| Pacote vai desonerar tecnologia Nova política industrial a ser anunciada hoje reduz à metade a
contribuição ao INSS de exportadoras de tecnologia da informação
Brasília - O governo deve anunciar hoje uma
significativa desoneração das exportações do setor tecnologia da informação
(softwares e serviços relacionados). O governo vai reduzir à metade a contribuição
patronal ao Instituto Nacional do Seguro Social (INSS) das empresas exportadoras do setor.
Dessa forma, a contribuição cairá dos atuais 20% da folha de pagamentos para 10%.
Essa desoneração incidirá só sobre a parte das empresas
que está envolvida no processo exportador. Ou seja, se dentro de uma companhia, a folha
de pagamentos dos funcionários que trabalham com exportação é de R$ 100 mil, a
contribuição patronal cai de R$ 20 mil para R$ 10 mil. Mas o restante da folha de
pagamentos da empresa - a parcela voltada ao mercado interno - ainda recolherá 20% ao
INSS.
O governo ainda estudava a possibilidade de eliminar as
contribuições de empresas exportadoras de software ao Sistema S (Sesi e Senai), ao
Sebrae e ao Instituto Nacional de Colonização e Reforma Agrária (Incra), o que
representaria uma redução adicional de 3,1 pontos porcentuais na carga tributária sobre
a folha de pagamentos do setor. Confirmada a redução dessas contribuições acessórias,
a desoneração total da folha de pagamentos do setor seria de 13,1 pontos porcentuais.
De acordo com os cálculos dos envolvidos na discussão, o
conjunto de desonerações poderia levar a um ganho de competitividade (redução de
preços) da ordem de 10%.
Resistências
Um dos focos de resistência à redução da contribuição patronal ao INSS era seu
impacto fiscal.
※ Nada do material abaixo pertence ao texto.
Lemma pigeonhole_nat (T : finType) (f : nat -> T) :
  exists i j, [/\ i < j, j <= #|T| & f i = f j].
Proof.
have /injectivePn [x [y neq_xy eq_f]] : ~~ injectiveb (fun i : 'I_#|T|.+1 => f i).
  by apply/injectiveP => /leq_card; rewrite card_ord ltnn.
have [lt_xy | lt_yx | eq_xy] := ltngtP x y.
- by exists x, y; split; rewrite // -ltnS.
- by exists y, x; split; rewrite // -ltnS.
- by move: neq_xy; rewrite (val_inj eq_xy) eqxx.
Qed.

Lemma cofinal_pigeonhole (T : finType) (S : pred nat) (f : nat -> T) m gap :
  (forall N, exists2 n, N <= n & S n) ->
  exists i j, [/\ m <= i, i + gap <= j, S i, S j & f i = f j].
Proof.
move=> cofinal.
have exS x : exists n, (x <= n) && S n.
  by have [n le_n Sn] := cofinal x; exists n; rewrite le_n Sn.
pose next x := ex_minn (exS x).
have nextP x : x <= next x /\ S (next x) by rewrite /next; case: ex_minnP => n /andP[].
pose e t := iter t (fun x => next (x + gap)) (next m).
have e_step t : e t + gap <= e t.+1 := (nextP _).1.
have e_S t : S (e t) by case: t => [|t]; exact: (nextP _).2.
have e_mono : {homo e : i j / i <= j}.
  apply: homo_leq => [//|y x z|t]; first exact: leq_trans.
  exact: leq_trans (leq_addr _ _) (e_step t).
have [i [j [lt_ij _ eq_f]]] := pigeonhole_nat (f \o e).
exists (e i), (e j); split=> //.
- exact: leq_trans (nextP m).1 (e_mono 0 i isT).
- exact: leq_trans (e_step i) (e_mono _ _ lt_ij).
Qed.

Definition pump_index a b n := if n < b then n else n - (b - a).

Lemma pump_index_small a b n : n < b -> pump_index a b n = n.
Proof. by rewrite /pump_index => ->. Qed.

Lemma pump_index_shift a b m : a <= m -> pump_index a b (b - a + m) = m.
Proof. by move=> le_am; rewrite /pump_index ifF; lia. Qed.

Definition lasso_index P L n := if n < P then n else P + (n - P) %% L.

Lemma lasso_index_small P L n : n < P -> lasso_index P L n = n.
Proof. by rewrite /lasso_index => ->. Qed.

Lemma lasso_index_loop P L q x : x < L -> lasso_index P L (P + (q * L + x)) = P + x.
Proof. by move=> lt_xL; rewrite /lasso_index ifF ?addKn ?modnMDl ?modn_small //; lia. Qed.

Lemma lasso_index_periodic P L n :
  P <= n -> lasso_index P L (n + L) = lasso_index P L n.
Proof.
move=> le_Pn; rewrite /lasso_index !ifF; try lia.
have -> : n + L - P = n - P + L by lia.
by rewrite modnDr.
Qed.

Lemma map_pump_iota a b m n :
  a <= m -> map (pump_index a b) (iota (b - a + m) n) = iota m n.
Proof.
move=> le_am; rewrite iotaDl -map_comp -[RHS]map_id; apply/eq_in_map => i.
by rewrite mem_iota => /andP[le_mi _] /=; apply: pump_index_shift; exact: leq_trans le_mi.
Qed.

Lemma count_pump (v : nat -> bool) P a b E :
  P <= a -> a <= b -> b <= E.+1 ->
  count (v \o pump_index a b) (iota P ((b - a + E).+1 - P)) =
  count v (iota P (E.+1 - P)) + count v (iota a (b - a)).
Proof.
move=> le_Pa le_ab le_bE.
have -> : (b - a + E).+1 - P = b - P + (b - a + (E.+1 - b)) by lia.
have -> : E.+1 - P = b - P + (E.+1 - b) by lia.
rewrite -count_map !iotaD !map_cat !count_cat.
have -> : P + (b - P) = b - a + a by lia.
rewrite map_pump_iota // -addnA map_pump_iota; last lia.
have -> : a + (b - a) = b by lia.
have -> : map (pump_index a b) (iota P (b - P)) = iota P (b - P).
  rewrite -[RHS]map_id; apply/eq_in_map => i; rewrite mem_iota => /andP[_ lt_ib].
  by apply: pump_index_small; lia.
by rewrite subnK // addnA addnAC.
Qed.

Lemma not_io_balanced_lasso (v : nat -> bool) P L :
  (count v (iota P L)).*2 != L -> ~ io_balanced (v \o lasso_index P L).
Proof.
move=> unbal; have L_gt0 : 0 < L by move: unbal; case: L.
apply: (not_io_balanced_periodic (P := P) L_gt0).
  by move=> n le_Pn /=; rewrite lasso_index_periodic.
rewrite (@eq_in_count _ _ v) //= => i; rewrite mem_iota => /andP[le_Pi lt_iL] /=.
by rewrite /lasso_index ifF ?modn_small ?subnKC //; lia.
Qed.

Section RunSurgery.
Variables (Sigma : finType) (A : PA Sigma).

Definition parikh_accept_at (r : nat -> trans A) k :=
  ttgt (r k) \in pa_F A /\ in_semilinear (pa_C A) (rho r k.+1).

Variables (al : nat -> Sigma) (r : nat -> trans A).
Hypothesis r_run : is_run al r.

Lemma run_next n : ttgt (r n) = tsrc (r n.+1).
Proof. by case: r_run => _ [_ []]. Qed.

Lemma is_run_reindex (h : nat -> nat) :
  h 0 = 0 -> (forall n, tsrc (r (h n.+1)) = tsrc (r (h n).+1)) ->
  is_run (al \o h) (r \o h).
Proof.
case: r_run => r_q0 [r_delta [r_let _]] h0 h_step.
split; first by rewrite /= h0.
split; first by move=> n; exact: r_delta.
split; first by move=> n; exact: r_let.
by move=> n /=; rewrite run_next h_step.
Qed.

Lemma parikh_accept_at_reindex (h : nat -> nat) k :
  (forall i, i <= k -> h i = i) -> parikh_accept_at r k -> parikh_accept_at (r \o h) k.
Proof.
move=> h_id [F_k C_k]; rewrite /parikh_accept_at /= h_id //; split=> //.
suff -> : rho (r \o h) k.+1 = rho r k.+1 by [].
by apply/ffunP => j; rewrite !ffunE; apply: eq_bigr => i _ /=; rewrite h_id // -ltnS.
Qed.

Lemma is_run_pump a b :
  a <= b -> tsrc (r a) = tsrc (r b) -> is_run (al \o pump_index a b) (r \o pump_index a b).
Proof.
move=> le_ab loop; apply: is_run_reindex => [|n]; first by rewrite /pump_index sub0n if_same.
rewrite /pump_index; case: (ltnP n.+1 b) => [lt_n1b | le_bn1]; first by rewrite ifT // ltnW.
case: ltnP => [lt_nb | le_bn].
  have eq_b : n.+1 = b by lia.
  by rewrite eq_b subKn.
by rewrite subSn //; lia.
Qed.

Lemma is_run_lasso P L :
  0 < L -> tsrc (r P) = tsrc (r (P + L)) ->
  is_run (al \o lasso_index P L) (r \o lasso_index P L).
Proof.
move=> L_gt0 loop; apply: is_run_reindex => [|n].
  by rewrite /lasso_index sub0n mod0n addn0; case: (P).
case: (ltnP n P) => [lt_nP | le_Pn].
  rewrite (lasso_index_small L lt_nP); case: (ltnP n.+1 P) => [lt_n1P | le_Pn1].
    by rewrite lasso_index_small.
  have eq_P : n.+1 = P by lia.
  by rewrite eq_P /lasso_index ltnn subnn mod0n addn0.
have [q [x [lt_xL ->]]] : exists q x, x < L /\ n = P + (q * L + x).
  by exists ((n - P) %/ L), ((n - P) %% L); rewrite ltn_pmod // -divn_eq; split; lia.
rewrite lasso_index_loop // -!addnS; case: (ltnP x.+1 L) => [lt_x1L | le_Lx1].
  by rewrite lasso_index_loop.
have eq_L : x.+1 = L by lia.
by rewrite eq_L -[q * L + L]addn0 -mulSnr lasso_index_loop // addn0.
Qed.

Lemma RPBA_accepts_lasso P L k m :
  k < P -> parikh_accept_at r k -> P <= m < P + L -> ttgt (r m) \in pa_F A ->
  tsrc (r P) = tsrc (r (P + L)) -> RPBA_accepts A (al \o lasso_index P L).
Proof.
move=> lt_kP acc_k /andP[le_Pm lt_mL] F_m loop.
exists (r \o lasso_index P L); split; first by apply: is_run_lasso => //; lia.
split.
  by exists k; apply: parikh_accept_at_reindex acc_k => i le_ik; apply: lasso_index_small; lia.
move=> N; exists (P + (N * L + (m - P))); first by nia.
by rewrite /= lasso_index_loop ?subnKC //; lia.
Qed.

End RunSurgery.

Lemma unbalanced_RPBA_accepts (A : PA bool) al (r : nat -> trans A) k P a b E :
  is_run al r -> parikh_accept_at r k -> ttgt (r E) \in pa_F A ->
  k < P -> P <= a -> a < b -> b <= E.+1 ->
  tsrc (r P) = tsrc (r E.+1) -> tsrc (r a) = tsrc (r b) ->
  (forall i, a <= i < b -> al i) ->
  exists2 u, RPBA_accepts A u & ~ io_balanced u.
Proof.
move=> r_run acc_k F_E lt_kP le_Pa lt_ab le_bE loop_PE loop_ab ones_ab.
(* If the big loop is balanced, pumping the a-loop once unbalances it. *)
have [unbal | /negPn/eqP bal] := boolP ((count al (iota P (E.+1 - P))).*2 != E.+1 - P).
  exists (al \o lasso_index P (E.+1 - P)); last exact: not_io_balanced_lasso.
  by apply: (RPBA_accepts_lasso r_run lt_kP acc_k _ F_E); rewrite subnKC //; lia.
have ones : count al (iota a (b - a)) = b - a.
  rewrite -[RHS](size_iota a) -count_predT; apply: eq_in_count => i.
  by rewrite mem_iota subnKC => [/ones_ab|]; last exact: ltnW.
have r1_run := is_run_pump r_run (ltnW lt_ab) loop_ab.
exists ((al \o pump_index a b) \o lasso_index P ((b - a + E).+1 - P)).
  apply: (RPBA_accepts_lasso r1_run lt_kP _ (m := b - a + E)).
  - by apply: parikh_accept_at_reindex acc_k => i le_ik; apply: pump_index_small; lia.
  - lia.
  - by rewrite /= pump_index_shift //; lia.
  - rewrite subnKC /=; last lia.
    rewrite -addnS pump_index_shift; last lia.
    by rewrite pump_index_small; last lia.
apply: not_io_balanced_lasso; rewrite count_pump ?ones //; lia.
Qed.

Lemma RPBA_accepts_blocks_unbalanced (A : PA bool) :
  RPBA_accepts A (blocks #|pa_Q A|.+1) -> exists2 u, RPBA_accepts A u & ~ io_balanced u.
Proof.
set N := #|pa_Q A|.+1; case=> r [r_run [[k acc_k] F_inf]].
(* The gap 3 * N leaves room, between the two F-visits, for the block a^N
   starting at the first multiple c of 2 * N after them. *)
have [i [j [le_ki le_ij _ F_j same_ij]]] :=
  cofinal_pigeonhole (fun n => ttgt (r n)) k (3 * N) F_inf.
set c := (i.+1 %/ (N + N)).+1 * (N + N).
have lt_ic : i.+1 < c by apply: ltn_ceil.
have le_c : c <= i.+1 + (N + N) by rewrite /c mulSn addnC leq_add2r leq_divM.
have [s [t [lt_st le_tQ same_st]]] := pigeonhole_nat (fun x => tsrc (r (c + x))).
apply: (unbalanced_RPBA_accepts r_run acc_k F_j (P := i.+1) (a := c + s) (b := c + t))
  => //; try lia.
  by rewrite -!(run_next r_run).
move=> y /andP[le_y lt_y]; rewrite /blocks -(subnKC (leq_trans (leq_addr s c) le_y)).
by rewrite modnMDl modn_small; lia.
Qed.

Lemma io_balanced_not_RPBA : ~ RPBA_recognizable io_balanced.
Proof.
case=> A accepts.
have /accepts/RPBA_accepts_blocks_unbalanced [u u_acc u_unbal] :=
  io_balanced_blocks (ltn0Sn #|pa_Q A|).
exact/u_unbal/accepts.
Qed.

Lemma sum_ord_count (p : pred nat) n : \sum_(k < n) p k = count p (iota 0 n).
Proof.
rewrite -(big_mkord predT (fun k => nat_of_bool (p k))) -sumn_count sumnE big_map.
by rewrite /index_iota subn0.
Qed.

Definition letter_vec (x : bool) : vec 2 :=
  [ffun i => if i == ord0 then nat_of_bool x else nat_of_bool (~~ x)].

Definition balance_PA : PA bool :=
  @mkPA bool unit 2 tt [seq (tt, x, letter_vec x, tt) | x <- [:: true; false]] setT
    [:: ([ffun => 0], [:: [ffun => 1]])].

Lemma balance_PA_rho al (r : nat -> trans balance_PA) n : is_run al r ->
  rho r n = [ffun i => if i == ord0 then count al (iota 0 n) else count (predC al) (iota 0 n)].
Proof.
case=> _ [r_delta [r_let _]].
have tvec_r k : tvec (r k) = letter_vec (al k).
  by rewrite -r_let; case/mapP: (r_delta k) => x _ ->.
apply/ffunP => i; rewrite !ffunE.
under eq_bigr => k _ do rewrite tvec_r ffunE.
by case: (i == ord0); [exact: (sum_ord_count al) | exact: (sum_ord_count (predC al))].
Qed.

Lemma balance_PA_accept_at al (r : nat -> trans balance_PA) n : is_run al r ->
  parikh_accept_at r n <-> count al (iota 0 n.+1) = count (predC al) (iota 0 n.+1).
Proof.
move=> r_run; rewrite /parikh_accept_at /in_semilinear (balance_PA_rho _ r_run) inE.
split=> [[_ [l]] | bal].
  rewrite inE => /eqP -> [z /ffunP rho_z] /=.
  by move: (rho_z ord0) (rho_z ord_max); rewrite !ffunE /= => ->.
split=> //; exists ([ffun => 0], [:: [ffun => 1]]); rewrite ?inE //.
exists (count al (iota 0 n.+1)); apply/ffunP => i; rewrite !ffunE.
by case: (i == ord0); rewrite add0n muln1.
Qed.

Lemma io_balanced_PPBA : PPBA_recognizable io_balanced.
Proof.
exists balance_PA => al; split=> [bal | [r [r_run acc]] M].
  pose r n : trans balance_PA := (tt, al n, letter_vec (al n), tt).
  have r_run : is_run al r.
    split=> //; split=> [n|]; last by split.
    by apply/mapP; exists (al n); first by case: (al n).
  exists r; split=> // N; have [n le_n bal_n] := bal N.+1.
  exists n.-1; first by rewrite -ltnS (ltn_predK le_n).
  by apply/(balance_PA_accept_at _ r_run); rewrite (ltn_predK le_n).
have [k le_k acc_k] := acc M.
by exists k.+1; [exact: leqW | exact/(balance_PA_accept_at _ r_run)].
Qed.

Theorem lemma3 :
  exists (Sigma : finType) (L : (nat -> Sigma) -> Prop),
    PPBA_recognizable L /\ ~ RPBA_recognizable L.
Proof. by exists bool, io_balanced; split; [exact: io_balanced_PPBA | exact: io_balanced_not_RPBA]. Qed.
(* Fix an attacker label $A\in\mathcal{L}$. For all labels $pc\in\mathcal{L}$, all initial configurations $c_1=\langle\Sigma_1,e_1\rangle$, $c_2=\langle\Sigma_2,e_2\rangle$ of $\lambda^{dFG}$, all environments $\theta_1,\theta_2$ and all final configurations $c_1',c_2'$: if $c_1\Downarrow^{\theta_1}_{pc} c_1'$, $c_2\Downarrow^{\theta_2}_{pc} c_2'$, $\theta_1\approx_A\theta_2$ and $c_1\approx_A c_2$, then $c_1'\approx_A c_2'$.
   Context: Fix a lattice $(\mathcal{L},\sqsubseteq,\sqcup)$ of security labels. The fine-grained calculus $\lambda^{dFG}$ has types $\tau::=\mathbf{unit}\mid\tau_1\to\tau_2\mid\tau_1+\tau_2\mid\tau_1\times\tau_2\mid\mathcal{L}\mid\mathbf{Ref}\,\tau$ (with a standard simple type system), expressions $e::=x\mid\lambda x.e\mid e_1\,e_2\mid()\mid\ell\mid(e_1,e_2)\mid\mathbf{fst}(e)\mid\mathbf{snd}(e)\mid\mathbf{inl}(e)\mid\mathbf{inr}(e)\mid\mathbf{case}(e,x.e_1,x.e_2)\mid\mathbf{getLabel}\mid\mathbf{labelOf}(e)\mid e_1\sqsubseteq^{?}e_2\mid\mathbf{taint}(e_1,e_2)\mid\mathbf{new}(e)\mid\,!e\mid e_1:=e_2\mid\mathbf{labelOfRef}(e)$, raw values $r::=()\mid(x.e,\theta)\mid\mathbf{inl}(v)\mid\mathbf{inr}(v)\mid(v_1,v_2)\mid\ell\mid n_\ell$ ($n\in\mathbb{N}$, $\ell\in\mathcal{L}$), values $v::=r^{\ell}$ (raw value tagged by a label), and environments $\theta$ = finite maps from variables to values. For $v=r^{\ell}$ write $v\sqcup\ell'$ for $r^{\ell\sqcup\ell'}$. A memory is a finite list $M$ of raw values with length $|M|$, entries $M[n]$ ($n\ge 0$), and $M[n\mapsto r]$ the list with entry $n$ replaced by $r$ (or $r$ appended if $n=|M|$). A store $\Sigma$ assigns a memory $\Sigma(\ell)$ to every label $\ell$; $\Sigma[\ell\mapsto M]$ is the updated store. Evaluation $\langle\Sigma,e\rangle\Downarrow^{\theta}_{pc}\langle\Sigma',v\rangle$ is the least relation closed under the following rules; below ''$e\Downarrow v$'' means evaluation in the current $\theta$ and $pc$ unless said otherwise, the store is threaded through premises from left to right, the resulting store is that of the last premise, and rules without premises leave the store unchanged. (Var) $x\Downarrow\theta(x)\sqcup pc$. (Unit) $()\Downarrow()^{pc}$. (Label) $\ell\Downarrow\ell^{pc}$. (Fun) $\lambda x.e\Downarrow(x.e,\theta)^{pc}$. (GetLabel) $\mathbf{getLabel}\Downarrow pc^{pc}$. (App) if $e_1\Downarrow(x.e,\theta')^{\ell}$, $e_2\Downarrow v_2$, and $e$ evaluates to $v$ in environment $\theta'[x\mapsto v_2]$ with program counter $pc\sqcup\ell$, then $e_1\,e_2\Downarrow v$. (Inl/Inr) if $e\Downarrow v$ then $\mathbf{inl}(e)\Downarrow\mathbf{inl}(v)^{pc}$, $\mathbf{inr}(e)\Downarrow\mathbf{inr}(v)^{pc}$. (Case) if $e\Downarrow\mathbf{inl}(v_1)^{\ell}$ and $e_1$ evaluates to $v$ in $\theta[x\mapsto v_1]$ with program counter $pc\sqcup\ell$ then $\mathbf{case}(e,x.e_1,x.e_2)\Downarrow v$; symmetrically with $\mathbf{inr}(v_2)^{\ell}$ and $e_2$. (Pair) if $e_1\Downarrow v_1$, $e_2\Downarrow v_2$ then $(e_1,e_2)\Downarrow(v_1,v_2)^{pc}$. (Fst/Snd) if $e\Downarrow(v_1,v_2)^{\ell}$ then $\mathbf{fst}(e)\Downarrow v_1\sqcup\ell$ and $\mathbf{snd}(e)\Downarrow v_2\sqcup\ell$. (LabelOf) if $e\Downarrow r^{\ell}$ then $\mathbf{labelOf}(e)\Downarrow\ell^{\ell}$. (Compare) if $e_1\Downarrow\ell_1^{\ell_1'}$ and $e_2\Downarrow\ell_2^{\ell_2'}$ then $e_1\sqsubseteq^{?}e_2\Downarrow\mathbf{inl}(()^{pc})^{\ell_1'\sqcup\ell_2'}$ if $\ell_1\sqsubseteq\ell_2$, and $\Downarrow\mathbf{inr}(()^{pc})^{\ell_1'\sqcup\ell_2'}$ otherwise. (Taint) if $e_1\Downarrow\ell^{\ell'}$ with $\ell'\sqsubseteq\ell$, and $e_2$ evaluates to $v$ with program counter $\ell$, then $\mathbf{taint}(e_1,e_2)\Downarrow v$. (New) if $e\Downarrow r^{\ell}$ with resulting store $\Sigma'$ and $n=|\Sigma'(\ell)|$, then $\mathbf{new}(e)\Downarrow(n_\ell)^{pc}$ with final store $\Sigma'[\ell\mapsto\Sigma'(\ell)[n\mapsto r]]$. (Read) if $e\Downarrow(n_\ell)^{\ell'}$ with resulting store $\Sigma'$ and $\Sigma'(\ell)[n]=r$ then $!e\Downarrow r^{\ell\sqcup\ell'}$. (Write) if $e_1\Downarrow(n_\ell)^{\ell_1}$ with $\ell_1\sqsubseteq\ell$ and $e_2\Downarrow r^{\ell_2}$ with resulting store $\Sigma''$ and $\ell_2\sqsubseteq\ell$, then $e_1:=e_2\Downarrow()^{pc}$ with final store $\Sigma''[\ell\mapsto\Sigma''(\ell)[n\mapsto r]]$. (LabelOfRef) if $e\Downarrow(n_\ell)^{\ell'}$ then $\mathbf{labelOfRef}(e)\Downarrow\ell^{\ell\sqcup\ell'}$. Initial configurations are $\langle\Sigma,e\rangle$, final ones $\langle\Sigma,v\rangle$; $c\Downarrow^{\theta}_{pc}c'$ denotes the evaluation relation. $A$-equivalence ($\approx_A$), defined mutually on values and raw values: $r_1^{\ell}\approx_A r_2^{\ell}$ if $\ell\sqsubseteq A$ and $r_1\approx_A r_2$; $r_1^{\ell_1}\approx_A r_2^{\ell_2}$ whenever $\ell_1\not\sqsubseteq A$ and $\ell_2\not\sqsubseteq A$; $()\approx_A()$; $\ell\approx_A\ell$; $(x.e_1,\theta_1)\approx_A(x.e_2,\theta_2)$ if $e_1,e_2$ are $\alpha$-equivalent and $\theta_1\approx_A\theta_2$; $\mathbf{inl}(v_1)\approx_A\mathbf{inl}(v_2)$ and $\mathbf{inr}(v_1)\approx_A\mathbf{inr}(v_2)$ if $v_1\approx_A v_2$; $(v_1,v_2)\approx_A(v_1',v_2')$ if $v_1\approx_A v_1'$ and $v_2\approx_A v_2'$; $n_\ell\approx_A n_\ell$ if $\ell\sqsubseteq A$; $(n_1)_{\ell_1}\approx_A(n_2)_{\ell_2}$ if $\ell_1,\ell_2\not\sqsubseteq A$. Environments: $\theta_1\approx_A\theta_2$ iff same domain and pointwise related. Memories $M_1,M_2$ stored at label $\ell$: always related if $\ell\not\sqsubseteq A$; if $\ell\sqsubseteq A$, related iff $|M_1|=|M_2|$ and $M_1[n]\approx_A M_2[n]$ for all $n$. Stores: $\Sigma_1\approx_A\Sigma_2$ iff $\Sigma_1(\ell)\approx_A\Sigma_2(\ell)$ for all $\ell$. Initial configurations: $\langle\Sigma_1,e_1\rangle\approx_A\langle\Sigma_2,e_2\rangle$ iff $\Sigma_1\approx_A\Sigma_2$ and $e_1,e_2$ are $\alpha$-equivalent; final configurations: $\langle\Sigma_1,v_1\rangle\approx_A\langle\Sigma_2,v_2\rangle$ iff $\Sigma_1\approx_A\Sigma_2$ and $v_1\approx_A v_2$. *)

From HB Require Import structures.
From mathcomp Require Import all_boot all_order.
Set Implicit Arguments. Unset Strict Implicit. Unset Printing Implicit Defensive.
Import Order.TTheory.
Local Open Scope order_scope.

Section DFG.
Context {disp : Order.disp_t} {L : latticeType disp}.

(* Expressions, with de Bruijn indices for variables: alpha-equivalent
   expressions are syntactically equal.  Binders: ELam e binds index 0 in e;
   ECase e e1 e2 binds index 0 in e1 and in e2. *)
Inductive expr : Type :=
  | EVar (x : nat)
  | ELam (e : expr)
  | EApp (e1 e2 : expr)
  | EUnit
  | ELab (l : L)
  | EPair (e1 e2 : expr)
  | EFst (e : expr)
  | ESnd (e : expr)
  | EInl (e : expr)
  | EInr (e : expr)
  | ECase (e e1 e2 : expr)
  | EGetLabel
  | ELabelOf (e : expr)
  | ECmp (e1 e2 : expr)
  | ETaint (e1 e2 : expr)
  | ENew (e : expr)
  | ERead (e : expr)
  | EWrite (e1 e2 : expr)
  | ELabelOfRef (e : expr).

Inductive raw : Type :=
  | RUnit
  | RClos (e : expr) (th : seq value)
  | RInl (v : value)
  | RInr (v : value)
  | RPair (v1 v2 : value)
  | RLab (l : L)
  | RRef (n : nat) (l : L)
with value : Type :=
  | VTag (r : raw) (l : L).

Definition env := seq value.

Definition vjoin (v : value) (l' : L) : value :=
  let: VTag r l := v in VTag r (l `|` l').

Definition memory := seq raw.
Definition store := L -> memory.

(* M[n |-> r]: replace entry n, or append r when n = |M| (used only for n <= |M|) *)
Definition mem_upd (M : memory) (n : nat) (r : raw) : memory := set_nth RUnit M n r.

Definition store_upd (S : store) (l : L) (M : memory) : store :=
  fun l' => if l' == l then M else S l'.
Os ministérios da Previdência e da Fazenda temiam perdas de recursos que
aumentassem o desequilíbrio no sistema de aposentadorias. Mas, segundo uma fonte, como a
desoneração é focada nas exportações do setor, hoje reduzidas, o impacto fiscal é
pequeno.
Por outro lado, se a estratégia for bem sucedida, o Brasil
pode ter ganhos importantes de receitas em dólares que ajudariam a conter a escalada do
déficit na conta corrente do Balanço de Pagamentos, hoje a grande preocupação da
equipe econômica.
Emprego
O setor de softwares é um dos mais intensivos em mão-de-obra, com os custos trabalhistas
representando cerca de 75% de todas despesas do setor. As medidas do governo visam colocar
o Brasil em outro patamar no disputado mercado global de tecnologia da informação,
estimado em US$ 1,3 trilhão. Desse total, entre US$ 35 e 40 bilhões são de
terceirização para exportação, no qual a Índia, com sua mão-de-obra barata e falante
de inglês e incentivos fiscais é líder, exportando entre US$ 25 e US$ 30 bilhões.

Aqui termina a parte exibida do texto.